» Exercise objective
What follows is a set of records; repeat all of them exactly.
Content starts
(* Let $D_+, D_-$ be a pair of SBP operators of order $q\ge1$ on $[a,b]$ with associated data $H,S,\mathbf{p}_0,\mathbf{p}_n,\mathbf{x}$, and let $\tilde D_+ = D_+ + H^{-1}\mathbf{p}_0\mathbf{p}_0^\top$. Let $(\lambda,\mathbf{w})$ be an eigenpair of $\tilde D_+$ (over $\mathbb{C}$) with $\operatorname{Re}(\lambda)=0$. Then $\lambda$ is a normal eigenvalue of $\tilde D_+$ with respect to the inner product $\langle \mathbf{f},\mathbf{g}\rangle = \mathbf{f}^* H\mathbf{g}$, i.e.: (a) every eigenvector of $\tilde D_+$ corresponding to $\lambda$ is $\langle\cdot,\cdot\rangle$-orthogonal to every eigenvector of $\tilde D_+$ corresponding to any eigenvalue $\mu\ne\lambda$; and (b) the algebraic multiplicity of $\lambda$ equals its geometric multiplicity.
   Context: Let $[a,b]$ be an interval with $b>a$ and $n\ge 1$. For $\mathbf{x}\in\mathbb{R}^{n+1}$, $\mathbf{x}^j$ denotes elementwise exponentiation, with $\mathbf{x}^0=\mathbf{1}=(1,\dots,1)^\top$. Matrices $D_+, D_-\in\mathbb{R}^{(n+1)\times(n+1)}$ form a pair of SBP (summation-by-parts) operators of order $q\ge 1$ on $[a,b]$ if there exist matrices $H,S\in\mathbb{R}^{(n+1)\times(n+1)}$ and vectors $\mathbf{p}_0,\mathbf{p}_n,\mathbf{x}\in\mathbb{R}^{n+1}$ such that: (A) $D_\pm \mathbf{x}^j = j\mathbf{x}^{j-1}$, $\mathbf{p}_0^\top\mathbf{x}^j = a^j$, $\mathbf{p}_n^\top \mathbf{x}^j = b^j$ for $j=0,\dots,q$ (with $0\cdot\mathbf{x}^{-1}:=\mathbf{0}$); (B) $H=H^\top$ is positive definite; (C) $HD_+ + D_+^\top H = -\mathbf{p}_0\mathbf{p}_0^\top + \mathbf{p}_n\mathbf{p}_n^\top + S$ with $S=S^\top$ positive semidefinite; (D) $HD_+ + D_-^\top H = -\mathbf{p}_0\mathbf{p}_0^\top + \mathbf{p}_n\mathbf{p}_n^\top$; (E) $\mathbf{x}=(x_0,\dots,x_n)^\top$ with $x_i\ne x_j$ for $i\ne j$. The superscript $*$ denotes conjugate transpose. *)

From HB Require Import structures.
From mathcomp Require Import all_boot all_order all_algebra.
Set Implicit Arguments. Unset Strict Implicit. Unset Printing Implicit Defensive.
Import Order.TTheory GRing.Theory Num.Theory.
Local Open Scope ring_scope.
Content ends
» Result of the exercise
(* Let $D_+, D_-$ be a pair of SBP operators of order $q\ge1$ on $[a,b]$ with associated data $H,S,\mathbf{p}_0,\mathbf{p}_n,\mathbf{x}$, and let $\tilde D_+ = D_+ + H^{-1}\mathbf{p}_0\mathbf{p}_0^\top$. Let $(\lambda,\mathbf{w})$ be an eigenpair of $\tilde D_+$ (over $\mathbb{C}$) with $\operatorname{Re}(\lambda)=0$. Then $\lambda$ is a normal eigenvalue of $\tilde D_+$ with respect to the inner product $\langle \mathbf{f},\mathbf{g}\rangle = \mathbf{f}^* H\mathbf{g}$, i.e.: (a) every eigenvector of $\tilde D_+$ corresponding to $\lambda$ is $\langle\cdot,\cdot\rangle$-orthogonal to every eigenvector of $\tilde D_+$ corresponding to any eigenvalue $\mu\ne\lambda$; and (b) the algebraic multiplicity of $\lambda$ equals its geometric multiplicity.
   Context: Let $[a,b]$ be an interval with $b>a$ and $n\ge 1$. For $\mathbf{x}\in\mathbb{R}^{n+1}$, $\mathbf{x}^j$ denotes elementwise exponentiation, with $\mathbf{x}^0=\mathbf{1}=(1,\dots,1)^\top$. Matrices $D_+, D_-\in\mathbb{R}^{(n+1)\times(n+1)}$ form a pair of SBP (summation-by-parts) operators of order $q\ge 1$ on $[a,b]$ if there exist matrices $H,S\in\mathbb{R}^{(n+1)\times(n+1)}$ and vectors $\mathbf{p}_0,\mathbf{p}_n,\mathbf{x}\in\mathbb{R}^{n+1}$ such that: (A) $D_\pm \mathbf{x}^j = j\mathbf{x}^{j-1}$, $\mathbf{p}_0^\top\mathbf{x}^j = a^j$, $\mathbf{p}_n^\top \mathbf{x}^j = b^j$ for $j=0,\dots,q$ (with $0\cdot\mathbf{x}^{-1}:=\mathbf{0}$); (B) $H=H^\top$ is positive definite; (C) $HD_+ + D_+^\top H = -\mathbf{p}_0\mathbf{p}_0^\top + \mathbf{p}_n\mathbf{p}_n^\top + S$ with $S=S^\top$ positive semidefinite; (D) $HD_+ + D_-^\top H = -\mathbf{p}_0\mathbf{p}_0^\top + \mathbf{p}_n\mathbf{p}_n^\top$; (E) $\mathbf{x}=(x_0,\dots,x_n)^\top$ with $x_i\ne x_j$ for $i\ne j$. The superscript $*$ denotes conjugate transpose. *)

From HB Require Import structures.
From mathcomp Require Import all_boot all_order all_algebra.
Set Implicit Arguments. Unset Strict Implicit. Unset Printing Implicit Defensive.
Import Order.TTheory GRing.Theory Num.Theory.
Local Open Scope ring_scope.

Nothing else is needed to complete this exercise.